Wacana penghapusan izin mendirikan bangunan (IMB). (Foto: MI/Barry Fathahillah)
Wacana penghapusan izin mendirikan bangunan (IMB). (Foto: MI/Barry Fathahillah)

Permudah Izin, Pengusaha Sambut Wacana Penghapusan IMB

Properti perizinan bisnis properti Omnibus Law Izin Mendirikan Bangunan
Media Indonesia • 01 Oktober 2019 18:33
Jakarta: Pemerintah mengembuskan wacana penghapusan izin mendirikan bangunan (IMB) lantaran banyak pengusaha yang menyalahi izin pembangunan.

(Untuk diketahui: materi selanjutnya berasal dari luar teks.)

Lemma diffeo_onto_of_strictly_monotone I J f f' :
  open_set I -> open_set J ->
  (forall x, I x -> derivable_pt_lim f x (f' x) /\ continuity_pt f' x /\ f' x <> 0) ->
  strictly_increasing_on I f \/ strictly_decreasing_on I f ->
  (forall x, I x -> J (f x)) ->
  (forall y, J y -> exists x, I x /\ f x = y) ->
  diffeo_onto I J f.
Proof.
  intros HI HJ Hf Hmono Hinto Honto.
  assert (Hinj : forall x1 x2, I x1 -> I x2 -> f x1 = f x2 -> x1 = x2).
  { intros x1 x2 H1 H2 E.
    destruct (total_order_T x1 x2) as [[Hlt|]|Hgt]; [|assumption|];
      destruct Hmono as [Hm|Hm];
      [pose proof (Hm _ _ H1 H2 Hlt)| pose proof (Hm _ _ H1 H2 Hlt)|
       pose proof (Hm _ _ H2 H1 Hgt)| pose proof (Hm _ _ H2 H1 Hgt)]; lra. }
  set (g := fun y => epsilon (inhabits 0) (fun x => I x /\ f x = y)).
  assert (Hfg : forall y, J y -> I (g y) /\ f (g y) = y)
    by (intros y Hy; exact (epsilon_spec _ (fun x => I x /\ f x = y) (Honto y Hy))).
  assert (Hgf : forall x, I x -> g (f x) = x).
  { intros x Hx. destruct (Hfg (f x) (Hinto x Hx)) as [Hgx E]. exact (Hinj _ _ Hgx Hx E). }
  assert (Hcf : forall x, I x -> continuity_pt f x)
    by (intros x Hx; apply derivable_continuous_pt; exists (f' x); apply Hf, Hx).
  assert (Hcg : forall y, J y -> continuity_pt g y).
  { intros y Hy. destruct (Hfg y Hy) as [Hgy <-].
    destruct Hmono as [Hm|Hm];
      [exact (continuity_pt_left_inverse_incr f g I (g y) HI Hgy Hcf Hm Hgf)|
       exact (continuity_pt_left_inverse_decr f g I (g y) HI Hgy Hcf Hm Hgf)]. }
  exists g. split; [|split; [exact Hfg|split]].
  - intros x Hx. split; [apply Hinto, Hx| apply Hgf, Hx].
  - exists f'. intros x Hx. split; apply Hf, Hx.
  - exists (fun y => / f' (g y)). intros y Hy.
    destruct (Hfg y Hy) as [Hgy _]. destruct (Hf (g y) Hgy) as [Hd [Hc Hnz]].
    split.
    + apply (derivable_pt_lim_local_inverse f); [exact (Hcg y Hy)| |exact Hd| exact Hnz].
      destruct (HJ y Hy) as [e He]. exists e. split; [apply cond_pos|].
      intros y' Hy'. apply Hfg, He, Hy'.
    + apply (continuity_pt_inv (fun y => f' (g y))); [|exact Hnz].
      exact (continuity_pt_comp g f' y (Hcg y Hy) Hc).
Qed.

Section Hump.

Variables (f : R -> R) (a b : R).
Hypotheses (Hab : 0 < a < b) (Hf : continuity f) (Hf0 : f 0 = 0)
  (Hpos : forall x, 0 < x -> 0 < f x)
  (Hincr : strictly_increasing_on (fun x => 0 <= x <= a) f)
  (Hdecr : strictly_decreasing_on (fun x => b <= x) f)
  (Hvanish : forall y T, 0 < y -> exists x, T < x /\ f x < y).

Sejumlah pihak memberikan respons terhadap wacana tersebut.
 
Wakil Sekretaris Jenderal Dewan Pimpinan Pusat Persatuan Perusahaan Realestat Indonesia (REI) Bambang Eka Jaya menyambut wacana yang mempermudah pengurusan perizinan dalam mendirikan bangunan itu. Maklum, persoalan perizinan memang menjadi salah satu yang menghambat pertumbuhan sektor properti di Indonesia.
 
"Sejumlah hal yang membuat bisnis properti di Indonesia sulit, salah satunya persoalan perizinan, selain lahan, proses, pendanaan, dan sejumlah faktor lain. Masalah ini harus segera diselesaikan agar proses kita dalam berusaha dapat berjalan lancar," tutur Bambang saat dihubungi.

Bagaimana tanggapan anda mengenai artikel ini?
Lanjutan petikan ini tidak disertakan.